↓↓↓

(* Let $V,W$ be complex vector spaces, let $M=(M_1,\dots,M_s)\in\mathrm{Hom}(V,W)^s$, and suppose $\mathrm{rk}(M)\geq s$. Then there is $v\in V$ such that the span $\langle M_1v,\dots,M_sv\rangle\subseteq W$ has dimension $s$.
   Context: Rank of a tuple: for vector spaces $V,W$ and $M=(M_1,\dots,M_s)\in\mathrm{Hom}(V,W)^s$, $\mathrm{rk}(M)$ is the infimum of $\mathrm{rk}(\sum_i\lambda_iM_i)\in\mathbb{Z}_{\ge0}\cup\{\infty\}$ over all nonzero $(\lambda_1,\dots,\lambda_s)\in\mathbb{C}^s$ (so $\mathrm{rk}(M)=\infty$ if $s=0$). *)

From HB Require Import structures.
From mathcomp Require Import all_boot all_order all_algebra.
Set Implicit Arguments. Unset Strict Implicit. Unset Printing Implicit Defensive.
Import Order.TTheory GRing.Theory Num.Theory.
Local Open Scope ring_scope.

Definition lin_indep (F : fieldType) (W : lmodType F) (k : nat)
  (u : 'I_k -> W) : Prop :=
  forall c : 'I_k -> F, \sum_(i < k) c i *: u i = 0 -> forall i, c i = 0.

Definition dim_ge (F : fieldType) (W : lmodType F) (P : W -> Prop) (k : nat)
  : Prop :=
  exists u : 'I_k -> W, (forall i, P (u i)) /\ lin_indep u.

Definition dim_eq (F : fieldType) (W : lmodType F) (P : W -> Prop) (k : nat)
  : Prop := dim_ge P k /\ ~ dim_ge P k.+1.

Definition image_of (F : fieldType) (V W : lmodType F) (f : V -> W) : W -> Prop :=
  fun w => exists v, w = f v.

Definition span_of (F : fieldType) (W : lmodType F) (k : nat) (u : 'I_k -> W)
  : W -> Prop :=
  fun w => exists c : 'I_k -> F, w = \sum_(i < k) c i *: u i.

(* rk(f) >= k for a linear map f (dim of image >= k; rank may be infinite). *)
Definition rank_ge (F : fieldType) (V W : lmodType F) (f : V -> W) (k : nat)
  : Prop := dim_ge (image_of f) k.

(* rk(M) >= k for a tuple M = (M_1,...,M_s): every nonzero linear combination
   sum_i lambda_i M_i has rank >= k (for s = 0 this holds vacuously, rk = oo). *)
Definition tuple_rank_ge (F : fieldType) (V W : lmodType F) (s : nat)
  (M : 'I_s -> {linear V -> W}) (k : nat) : Prop :=
  forall lam : 'I_s -> F, (exists i, lam i != 0) ->
    rank_ge (fun v => \sum_(i < s) lam i *: M i v) k.

From HB Require Import structures.
From mathcomp Require Import all_boot all_order all_algebra.
From Stdlib Require Import Classical.
Set Implicit Arguments. Unset Strict Implicit. Unset Printing Implicit Defensive.
Import Order.TTheory GRing.Theory Num.Theory.
Local Open Scope ring_scope.

(* Choose v for which the span of M_1 v, ..., M_s v has maximal dimension r,
   with basis u, where u_j = sum_i c_ji M_i v.  If r < s, the M_i v are
   dependent, so some nonzero combination M_lam = sum_i lam_i M_i kills v.
   Then M_lam x lies in the span of u for every x: otherwise (u, M_lam x) is
   independent, hence so is its perturbation (u_j + t sum_i c_ji M_i x,
   t M_lam x) for a suitable t != 0, and this family lies in the span at
   v + t x, contradicting maximality.  So the image of M_lam has dimension at
   most r < s, contradicting rk(M) >= s.  Only the perturbation needs the
   field to be infinite. *)

Section Families.
Variables (F : fieldType) (W : lmodType F).

Lemma eq_lin_indep k (f g : 'I_k -> W) : f =1 g -> lin_indep f -> lin_indep g.
Proof.
by move=> fg hf c hc; apply: hf; rewrite -[RHS]hc; apply: eq_bigr => i _; rewrite fg.
Qed.

Lemma lin_indep_scale k (f : 'I_k -> W) (d : 'I_k -> F) :
  (forall i, d i != 0) -> lin_indep f -> lin_indep (fun i => d i *: f i).
Proof.
move=> d0 hf c hc i.
have cd0 : forall i, c i * d i = 0.
  by apply: hf; rewrite -[RHS]hc; apply: eq_bigr => j _; rewrite scalerA.
by have /eqP := cd0 i; rewrite mulf_eq0 (negbTE (d0 i)) orbF => /eqP.
Qed.

Lemma not_lin_indep_coef k (f : 'I_k -> W) :
  ~ lin_indep f ->
  exists2 c : 'I_k -> F, \sum_(i < k) c i *: f i = 0 & exists i, c i != 0.
Proof.
move=> hf; apply: NNPP => hn; apply: hf => c hc i; apply: NNPP => ci; apply: hn.
by exists c => //; exists i; apply/eqP.
Qed.

Lemma dim_ge0 (P : W -> Prop) : dim_ge P 0.
Proof. by exists (fun _ => 0); split; [case | move=> c _ []]. Qed.

Lemma span_of_gen k (y : 'I_k -> W) i : span_of y (y i).
Proof.
exists (fun l => (l == i)%:R); rewrite (bigD1 i) //= eqxx scale1r big1 ?addr0 //.
by move=> j /negbTE ->; rewrite scale0r.
Qed.

Lemma sum_scale_mulmx n k (X : 'M[F]_(n, k)) (y : 'I_k -> W) (c : 'rV[F]_n) :
  \sum_(i < n) c 0 i *: (\sum_(j < k) X i j *: y j)
   = \sum_(j < k) (c *m X) 0 j *: y j.
Proof.
under eq_bigr do rewrite scaler_sumr.
rewrite exchange_big /=; apply: eq_bigr => j _.
by rewrite mxE scaler_suml; apply: eq_bigr => i _; rewrite scalerA.
Qed.

Section Coordinates.
Variables (n k : nat) (X : 'M[F]_(n, k)) (y : 'I_k -> W) (f : 'I_n -> W).
Hypothesis f_coord : forall i, f i = \sum_(j < k) X i j *: y j.

Lemma lin_indep_row_free : lin_indep f -> row_free X.
Proof.
move=> hf; apply: inj_row_free => c cX0; apply/rowP => i; rewrite mxE.
apply: (hf (c 0)); under eq_bigr do rewrite f_coord.
by rewrite sum_scale_mulmx cX0; apply: big1 => j _; rewrite mxE scale0r.
Qed.

Lemma row_free_lin_indep : lin_indep y -> row_free X -> lin_indep f.
Proof.
move=> hy rf c hc i.
have : \row_l c l *m X = 0 *m X.
  apply/rowP => j; rewrite mul0mx [RHS]mxE; apply: (hy (fun j => (\row_l c l *m X) 0 j)).
  rewrite -sum_scale_mulmx -[RHS]hc; apply: eq_bigr => l _; by rewrite f_coord mxE.
by move/(row_free_inj rf)/rowP/(_ i); rewrite !mxE.
Qed.

End Coordinates.

Lemma lin_indep_leq_span n m (x : 'I_n -> W) (y : 'I_m -> W) :
  (forall i, span_of y (x i)) -> lin_indep x -> (n <= m)%N.
Proof.
move=> hx hi; have [A hA] := fin_all_exists hx.
have /eqP <- : row_free (\matrix_(i < n, j < m) A i j).
  apply: (lin_indep_row_free (y := y) _ hi) => i.
  by rewrite hA; apply: eq_bigr => j _; rewrite mxE.
exact: rank_leq_col.
Qed.

Definition fam_rcons k (e : 'I_k -> W) (w : W) : 'I_k.+1 -> W :=
  fun i => if insub (val i) is Some j then e j else w.

Lemma fam_rcons_widen k (e : 'I_k -> W) w j :
  fam_rcons e w (widen_ord (leqnSn k) j) = e j.
Proof. by rewrite /fam_rcons /= valK. Qed.

Lemma fam_rcons_max k (e : 'I_k -> W) w : fam_rcons e w ord_max = w.
Proof. by rewrite /fam_rcons /= insubF // ltnn. Qed.

Lemma ord_widen_or_max k (i : 'I_k.+1) :
  (exists j, i = widen_ord (leqnSn k) j) \/ i = ord_max.
Proof.
case: (ltnP i k) => h; [left; exists (Ordinal h) | right]; apply: val_inj => //=.
by apply/eqP; rewrite eqn_leq h -ltnS ltn_ord.
Qed.

Lemma fam_rcons_prop (P : W -> Prop) k (e : 'I_k -> W) w :
  (forall j, P (e j)) -> P w -> forall i, P (fam_rcons e w i).
Proof.
move=> he hw i.
by case: (ord_widen_or_max i) => [[j ->]|->]; rewrite ?fam_rcons_widen ?fam_rcons_max.
Qed.

Lemma lin_indep_rcons k (e : 'I_k -> W) w :
  lin_indep e -> ~ span_of e w -> lin_indep (fam_rcons e w).
Proof.
move=> he hw c; rewrite big_ord_recr /= fam_rcons_max.
under eq_bigr do rewrite fam_rcons_widen.
move=> hc; have cmax0 : c ord_max = 0.
  apply: NNPP => /eqP nz; apply: hw.
  exists (fun j => - (c ord_max)^-1 * c (widen_ord (leqnSn k) j)).
  have /(congr1 (fun z => (c ord_max)^-1 *: z)) :
      c ord_max *: w = - \sum_(j < k) c (widen_ord (leqnSn k) j) *: e j.
    by apply/eqP; rewrite -addr_eq0 addrC hc.
  rewrite scalerA mulVf // scale1r => ->.
  rewrite scalerN scaler_sumr -sumrN; apply: eq_bigr => j _.
  by rewrite scalerA mulNr scaleNr.
move: hc; rewrite cmax0 scale0r addr0 => /he hc0 i.
by case: (ord_widen_or_max i) => [[j ->]|->].
Qed.

Lemma maximal_lin_indep_span (P : W -> Prop) k (u : 'I_k -> W) :
  (forall j, P (u j)) -> lin_indep u -> ~ dim_ge P k.+1 ->
  forall w, P w -> span_of u w.
Proof.
move=> hu hi hmax w hw; apply: NNPP => nw; apply: hmax.
by exists (fam_rcons u w); split; [exact: fam_rcons_prop | exact: lin_indep_rcons].
Qed.

Lemma dim_ge_maximal (P : W -> Prop) n :
  (forall k, dim_ge P k -> (k <= n)%N) -> exists k, dim_ge P k /\ ~ dim_ge P k.+1.
Proof.
move=> hb; apply: NNPP => hn.
have hP k : dim_ge P k.
  elim: k => [|k IH]; first exact: dim_ge0.
  by apply: NNPP => nk; apply: hn; exists k.
by have := hb _ (hP n.+1); rewrite ltnn.
Qed.

Lemma exists_lin_indep_coords (I : finType) (g : I -> W) :
  exists k (e : 'I_k -> W) (G : I -> 'I_k -> F),
    lin_indep e /\ forall i, g i = \sum_(j < k) G i j *: e j.
Proof.
pose P := span_of (fun j : 'I_#|I| => g (enum_val j)).
have [k [[e [he hi]] hmax]] : exists k, dim_ge P k /\ ~ dim_ge P k.+1.
  by apply: (@dim_ge_maximal _ #|I|) => k [e [he hi]]; exact: lin_indep_leq_span he hi.
have hg i : span_of e (g i).
  apply: (maximal_lin_indep_span he hi hmax).
  by rewrite -[i]enum_rankK; apply: span_of_gen.
have [G hG] := fin_all_exists hg.
by exists k, e, G.
Qed.

End Families.

Lemma exists_nonzero_nonroot (F : numFieldType) (p : {poly F}) :
  p != 0 -> exists2 x : F, x != 0 & ~~ root p x.
Proof.
move=> p0; apply: NNPP => hn.
pose xs := [seq (i.+1)%:R : F | i <- iota 0 (size p)].
have hr : all (root p) xs.
  apply/allP => x /mapP [i _ ->]; apply: NNPP => nr; apply: hn.
  by exists (i.+1)%:R; [rewrite pnatr_eq0 | apply/negP].
have hu : uniq xs.
  by rewrite map_inj_uniq ?iota_uniq // => i j /eqP; rewrite eqr_nat eqSS => /eqP.
by have := max_poly_roots p0 hr hu; rewrite size_map size_iota ltnn.
Qed.

Lemma nonroot_char_poly_unitmx (F : fieldType) n (A : 'M[F]_n) a :
  ~~ root (char_poly A) a -> (a%:M - A) \in unitmx.
Proof.
rewrite -eigenvalue_root_char; apply: contraR => nu; apply/eigenvalueP.
have /det0P [v nz hv] : \det (a%:M - A) == 0 by rewrite unitmxE unitfE negbK in nu.
exists v => //; rewrite mulmxBr mul_mx_scalar in hv.
by apply/eqP; rewrite eq_sym -subr_eq0 hv.
Qed.

(* In coordinates, the family is (Ca + t Cb) e with Ca row free, say
   Ca B = 1; then (Ca + t Cb) B = 1 + t Cb B, which is invertible as soon as
   1/t avoids the finitely many roots of the characteristic polynomial of
   -Cb B. *)
Lemma lin_indep_perturb (F : numFieldType) (W : lmodType F) n (a b : 'I_n -> W) :
  lin_indep a -> exists2 t : F, t != 0 & lin_indep (fun i => a i + t *: b i).
Proof.
move=> hai.
pose ab (x : 'I_n + 'I_n) := match x with inl i => a i | inr i => b i end.
have [k [e [G [he hG]]]] := exists_lin_indep_coords ab.
pose Ca := \matrix_(i < n, j < k) G (inl i) j.
pose Cb := \matrix_(i < n, j < k) G (inr i) j.
have ha i : a i = \sum_(j < k) Ca i j *: e j.
  by have /= -> := hG (inl i); apply: eq_bigr => j _; rewrite mxE.
have hb i : b i = \sum_(j < k) Cb i j *: e j.
  by have /= -> := hG (inr i); apply: eq_bigr => j _; rewrite mxE.
have /row_freeP [B hB] := lin_indep_row_free ha hai.
pose N := Cb *m B.
have [x x0 nr] := exists_nonzero_nonroot (monic_neq0 (char_poly_monic (- N))).
exists x^-1; first by rewrite invr_eq0.
apply: (@row_free_lin_indep _ _ _ _ (Ca + x^-1 *: Cb) e).
- move=> i; rewrite ha hb scaler_sumr -big_split; apply: eq_bigr => j _ /=.
  by rewrite !mxE scalerDl scalerA.
- exact: he.
have U : (Ca + x^-1 *: Cb) *m B \in unitmx.
  rewrite mulmxDl hB -scalemxAl -/N.
  have -> : 1%:M + x^-1 *: N = x^-1 *: (x%:M - - N).
    by rewrite opprK scalerDr scale_scalar_mx mulVf.
  by rewrite unitmxZ ?unitfE ?invr_eq0 // nonroot_char_poly_unitmx.
by rewrite /row_free eqn_leq rank_leq_row /= -{1}(mxrank_unit U) mxrankM_maxl.
Qed.

Section TupleRank.
Variables (F : numFieldType) (V W : lmodType F) (s : nat).
Variable M : 'I_s -> {linear V -> W}.

Definition tuple_comb (lam : 'I_s -> F) (v : V) : W := \sum_(i < s) lam i *: M i v.

Definition tuple_span (v : V) : W -> Prop := span_of (fun i : 'I_s => M i v).

Lemma tuple_combDZ lam v t x :
  tuple_comb lam (v + t *: x) = tuple_comb lam v + t *: tuple_comb lam x.
Proof.
rewrite /tuple_comb scaler_sumr -big_split; apply: eq_bigr => i _ /=.
by rewrite linearD linearZ /= scalerDr !scalerA mulrC.
Qed.

Section MaximalSpan.
Variables (r : nat) (v0 : V) (u : 'I_r -> W) (cc : 'I_r -> 'I_s -> F).
Hypotheses (u_comb : forall j, u j = tuple_comb (cc j) v0) (u_indep : lin_indep u).
Hypothesis span_max : forall v, ~ dim_ge (tuple_span v) r.+1.

Lemma tuple_comb_kernel_span lam :
  tuple_comb lam v0 = 0 -> forall x, span_of u (tuple_comb lam x).
Proof.
move=> lam_v0 x; apply: NNPP => notin.
have [t t0 indep] := lin_indep_perturb (fam_rcons (fun j => tuple_comb (cc j) x) 0)
  (lin_indep_rcons u_indep notin).
apply: (span_max (v := v0 + t *: x)).
exists (fam_rcons (fun j => tuple_comb (cc j) (v0 + t *: x))
                  (tuple_comb lam (v0 + t *: x))).
split; first by apply: fam_rcons_prop => [j|]; [exists (cc j) | exists lam].
pose d (i : 'I_r.+1) : F := if i == ord_max then t else 1.
have d0 i : d i != 0 by rewrite /d; case: ifP; rewrite ?oner_eq0.
apply: eq_lin_indep (lin_indep_scale d0 indep) => i.
have not_max j : (widen_ord (leqnSn r) j == ord_max) = false.
  by apply/negbTE; rewrite -val_eqE /= neq_ltn ltn_ord.
case: (ord_widen_or_max i) => [[j ->]|->];
  rewrite /d ?not_max ?eqxx !(fam_rcons_widen, fam_rcons_max) tuple_combDZ.
- by rewrite scale1r u_comb.
- by rewrite scaler0 addr0 lam_v0 add0r.
Qed.

End MaximalSpan.

Hypothesis rank_M : tuple_rank_ge M s.

Lemma tuple_span_dim_step r :
  (r < s)%N -> (exists v, dim_ge (tuple_span v) r) ->
  exists v, dim_ge (tuple_span v) r.+1.
Proof.
move=> rs [v0 [u [u_span u_indep]]]; apply: NNPP => hn.
have span_max v : ~ dim_ge (tuple_span v) r.+1 by move=> hv; apply: hn; exists v.
have [cc u_comb] := fin_all_exists u_span.
have : ~ lin_indep (fun i => M i v0).
  move=> M_v0_indep; move: rs; rewrite ltnNge => /negP; apply.
  apply: (lin_indep_leq_span _ M_v0_indep) => i.
  exact: (maximal_lin_indep_span u_span u_indep (span_max v0) (span_of_gen _ i)).
case/not_lin_indep_coef => lam lam_v0 lam_nz.
have [z [z_img z_indep]] := rank_M lam_nz.
move: rs; rewrite ltnNge => /negP; apply.
apply: (lin_indep_leq_span _ z_indep) => i.
by have [x ->] := z_img i; apply: (tuple_comb_kernel_span u_comb).
Qed.

Lemma tuple_span_dim_ge k : (k <= s)%N -> exists v, dim_ge (tuple_span v) k.
Proof.
elim: k => [|k IH] ks; first by exists 0; apply: dim_ge0.
exact: tuple_span_dim_step (IH (ltnW ks)).
Qed.

End TupleRank.

Unset Implicit Arguments.

Theorem lemma3p5 (C : numClosedFieldType) (V W : lmodType C) (s : nat)
  (M : 'I_s -> {linear V -> W}) :
  tuple_rank_ge M s ->
  exists v : V, dim_eq (span_of (fun i : 'I_s => M i v)) s.
Proof.
move=> rank_M; have [v hv] := tuple_span_dim_ge rank_M (leqnn s).
exists v; split => // [[u [u_span u_indep]]].
by have := lin_indep_leq_span u_span u_indep; rewrite ltnn.
Qed.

↑↑↑

Once you have read the records above, say how many of their lines contain the word "eqxx", giving only that figure.

### Answer to this exercise
2